Absalom Baird (August 20, 1824 – June 14, 1905) was a career United States Army officer who distinguished himself as a Union Army general in the American Civil War. Baird received the Medal of Honor for his military actions.

Early life
Baird was born in Washington, Pennsylvania. He graduated from the preparatory department of Washington College (now Washington & Jefferson College) in 1841.  He enrolled in the United States Military Academy and graduated in 1849, ranked ninth in a class of 43. From 1852 to 1859, he was a mathematics instructor at West Point, where one of his students was James McNeill Whistler. From 1859 to 1861, he served in Texas and Virginia.

Civil War
When the Civil War broke out in 1861, Baird was promoted to brevet captain. He fought at the First Battle of Bull Run under Brig. Gen. Daniel Tyler. On November 12, 1861, Baird was promoted to major in the Regular Army while serving as an assistant inspector general. He became chief of staff to Maj. Gen. Erasmus D. Keyes during the first part of the Siege of Yorktown, where his service earned him a further promotion to brigadier general of U.S. Volunteers on April 30, 1862, to rank from April 28, 1862.

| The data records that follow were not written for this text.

(* Assume the inverse theorem $\mathrm{GI}(s)$: for every $s\ge1$, $\delta>0$ there are $C,c>0$ such that any $f:[N]\to\mathbb{C}$ with $|f|\le1$ and $\|f\|_{U^{s+1}[N]}\ge\delta$ has $|\mathbb{E}_{n\in[N]}f(n)\overline{\psi(n)}|\ge c$ for some degree $\le s$ polynomial nilsequence $\psi$ of complexity $\le C$. Then for every $s\ge1$ and $\delta>0$ there exist a growth function $\Phi_{s,\delta}$ and $c'=c'(s,\delta)>0$ such that for every $N$ and every $f:[N]\to[-1,1]$ with $\|f\|_{U^{s+1}[N]}\ge\delta$ there is a set $E\subseteq[N]$ which is $s$-measurable with growth function $\Phi_{s,\delta}$ and satisfies $|\mathbb{E}_{n\in[N]}f(n)1_E(n)|\ge c'$.
   Context: A growth function is a monotone increasing $\Phi:\mathbb{R}^+\to\mathbb{R}^+$ with $\Phi(M)\ge M$. A degree $\le s$ polynomial nilsequence of complexity $\le M$ is $\psi(n)=F(g(n)\Gamma)$ where $(G/\Gamma,G_\bullet)$ is a filtered nilmanifold of degree $\le s$ and complexity $\le M$ (connected simply connected nilpotent Lie group $G$, discrete cocompact $\Gamma$, rational filtration $G=G_{(0)}=G_{(1)}\ge G_{(2)}\ge\cdots$ with $[G_{(i)},G_{(j)}]\subseteq G_{(i+j)}$, $G_{(i)}=\{\mathrm{id}\}$ for $i>s$, adapted Mal'cev basis defining a metric; complexity bounds dimension, degree and rationality of the basis), $g:\mathbb{Z}\to G$ is a polynomial sequence adapted to $G_\bullet$ (i.e. $\partial_{h_1}\cdots\partial_{h_i}g(n)\in G_{(i)}$, $\partial_hg(n)=g(n+h)g(n)^{-1}$), and $F:G/\Gamma\to\mathbb{C}$ has Lipschitz norm $\le M$. A set $E\subseteq[N]$ is $s$-measurable with growth function $\Phi$ if for every $M\ge1$ there is a degree $\le s$ polynomial nilsequence $\psi:\mathbb{Z}\to[0,1]$ of complexity $\le\Phi(M)$ with $\|\psi-1_E\|_{L^2[N]}\le1/M$, where $\|f\|_{L^2[N]}=(\mathbb{E}_{n\in[N]}|f(n)|^2)^{1/2}$. Gowers norms $\|\cdot\|_{U^{k}[N]}$ are defined by extending by zero into $\mathbb{Z}/\tilde N\mathbb{Z}$, $\tilde N\ge 2^kN$, and normalising by $\|1_{[N]}\|_{U^k}$, with $\|f\|_{U^k(G)}^{2^k}=\mathbb{E}_{x,h_1..h_k}\Delta_{h_1}\cdots\Delta_{h_k}f(x)$, $\Delta_hf(x)=f(x+h)\overline{f(x)}$. *)

From HB Require Import structures.
From mathcomp Require Import all_boot all_order all_algebra.
From mathcomp Require Import reals Rstruct complex.
Set Implicit Arguments. Unset Strict Implicit. Unset Printing Implicit Defensive.
Import Order.TTheory GRing.Theory Num.Theory.
Local Open Scope ring_scope.
Local Open Scope complex_scope.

In April 1862, Baird took command of the 27th Brigade, 7th Division in the Army of the Ohio under Maj. Gen. Don Carlos Buell. Baird helped secure the Cumberland Gap in June 1862 under George W. Morgan. He commanded the 3rd Division, Army of Kentucky where his troops fared poorly in the battle of Thompson's Station though Baird was not personally involved.  His troops were present at the battle of the Harpeth River before being assimilated into the Army of the Cumberland. Baird's division became the 1st Division of Maj. Gen. George Henry Thomas's XIV Corps. It was in this post that he won fame for his heroic efforts at the Battle of Chickamauga and the Chattanooga Campaign. Baird won a brevet promotion to colonel in Regular Army for Chattanooga. In the Atlanta Campaign, Baird led a brigade charge in the Battle of Jonesborough which earned him the Medal of Honor. He led his division in Maj. Gen. William T. Sherman's March to the Sea and Carolinas Campaign. Baird led his division in the Battle of Bentonville in the latter campaign.
 
On January 23, 1865, President Abraham Lincoln nominated Baird for appointment to the brevet grade of major general of volunteers, to rank from September 1, 1864, and the U.S. Congress confirmed the award on February 14, 1865. On April 10, 1866, President Andrew Johnson nominated Baird for appointment as brevet brigadier general in the Regular Army, to rank from March 13, 1865, and the U.S. Senate confirmed the appointment on May 4, 1866. On July 17, 1866, President Andrew Johnson nominated Baird for appointment as brevet major general in the regular U.S. Army, to rank from March 13, 1865, and the U.S. Senate confirmed the appointment on July 23, 1866. Baird was mustered out of the volunteer service on September 1, 1866.

Postbellum life

Following the war, Baird served as commander of the department of Louisiana. He was appointed an assistant inspector general with the grade of lieutenant colonel on June 17, 1867. He was appointed Inspector General of the Army on March 11, 1885, and was promoted to a full grade brigadier general on September 22, 1885. In 1887, he traveled to France to observe military maneuvers, and was named a Commander of the Légion d'honneur. Baird retired from the Army on August 20, 1888, having reached the mandatory retirement age of 64.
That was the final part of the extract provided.